## DIRECTIONS FOR THIS TASK
Go through the material underneath and show every line where the string "Import" occurs.

## EXTRACTED DATA
(* Let $J,\mathbf{J},\mathbf{S},\mathbf{U},\mathbf{V},\mathbf{K}$ and $\mathbf{\Xi}$ be as in one of the three cases (continuous, semi-discrete, fully discrete) of the NLS solution construction, with $\mathbf{K}$ invertible, and let $\mathbf{\Pi}$ be a constant invertible $n\times n$ matrix with $\mathbf{J}\mathbf{\Pi}=-\mathbf{\Pi}\mathbf{J}$. Define $\mathbf{S}'=-\mathbf{\Pi}\mathbf{S}\mathbf{\Pi}^{-1}$ in the continuous case and $\mathbf{S}'=\mathbf{\Pi}\mathbf{S}^{-1}\mathbf{\Pi}^{-1}$ in the discrete cases, and $\mathbf{U}'=-\mathbf{U}\mathbf{K}^{-1}\mathbf{\Pi}^{-1}$, $\mathbf{V}'=\mathbf{\Pi}\mathbf{K}^{-1}\mathbf{V}$, $\mathbf{K}'=\mathbf{\Pi}\mathbf{K}^{-1}\mathbf{\Pi}^{-1}$. Then $(\mathbf{J},\mathbf{S}',\mathbf{U}',\mathbf{V}',\mathbf{K}')$ satisfy the same commutation relations and the same Sylvester equation as the original data, the associated matrix is $\mathbf{\Xi}'=\mathbf{\Pi}\mathbf{\Xi}^{-1}\mathbf{\Pi}^{-1}$, and the associated functions satisfy $\mathcal{U}'=\mathcal{U}$ and $\mathcal{D}'=\mathcal{D}+\mathbf{U}\mathbf{K}^{-1}\mathbf{V}$ (the latter summand being constant).
   Context: Setting: $J\in\mathrm{Mat}(m,m,\mathbb{C})$ with $J^2=I_m$; constant complex $\mathbf{J},\mathbf{S},\mathbf{K}$ ($n\times n$), $\mathbf{U}$ ($m\times n$), $\mathbf{V}$ ($n\times m$) with $\mathbf{J}^2=\mathbf{I}$, $\mathbf{J}\mathbf{S}=\mathbf{S}\mathbf{J}$, $J\mathbf{U}=-\mathbf{U}\mathbf{J}$, $\mathbf{J}\mathbf{V}=\mathbf{V}J$, $\mathbf{J}\mathbf{K}=-\mathbf{K}\mathbf{J}$. Sylvester equation: $\mathbf{S}\mathbf{K}+\mathbf{K}\mathbf{S}=\mathbf{V}\mathbf{U}$ (continuous) or $\mathbf{S}^{-1}\mathbf{K}-\mathbf{K}\mathbf{S}=\mathbf{V}\mathbf{U}$ (discrete, $\mathbf{S}$ invertible). $\mathbf{\Xi}=e^{-x\mathbf{S}-\mathrm{i}t\mathbf{S}^2\mathbf{J}}$ (continuous), $\mathbf{\Xi}=\mathbf{S}^xe^{-\mathrm{i}t(\mathbf{S}+\mathbf{S}^{-1}-2\mathbf{I})\mathbf{J}}$ (semi-discrete), $\mathbf{\Xi}=\mathbf{S}^x[(\mathbf{I}+\mathrm{i}\mathbf{J}(\mathbf{I}-\mathbf{S}^{-1}))(\mathbf{I}-\mathrm{i}\mathbf{J}(\mathbf{I}-\mathbf{S}))^{-1}]^t$ (fully discrete). Associated functions: $\mathcal{U}=\mathbf{U}(\mathbf{\Xi}^{-1}-\mathbf{K}\mathbf{\Xi}\mathbf{K})^{-1}\mathbf{V}$, $\mathcal{D}=\mathbf{U}\mathbf{\Xi}\mathbf{K}(\mathbf{\Xi}^{-1}-\mathbf{K}\mathbf{\Xi}\mathbf{K})^{-1}\mathbf{V}$ (assumed to exist); primed quantities are built the same way from primed data. *)

From HB Require Import structures.
From mathcomp Require Import all_boot all_order all_algebra.
Set Implicit Arguments. Unset Strict Implicit. Unset Printing Implicit Defensive.
Import Order.TTheory GRing.Theory Num.Theory.
Local Open Scope ring_scope.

## OUTPUT OF THE EXERCISE
From HB Require Import structures.
From mathcomp Require Import all_boot all_order all_algebra.
Import Order.TTheory GRing.Theory Num.Theory.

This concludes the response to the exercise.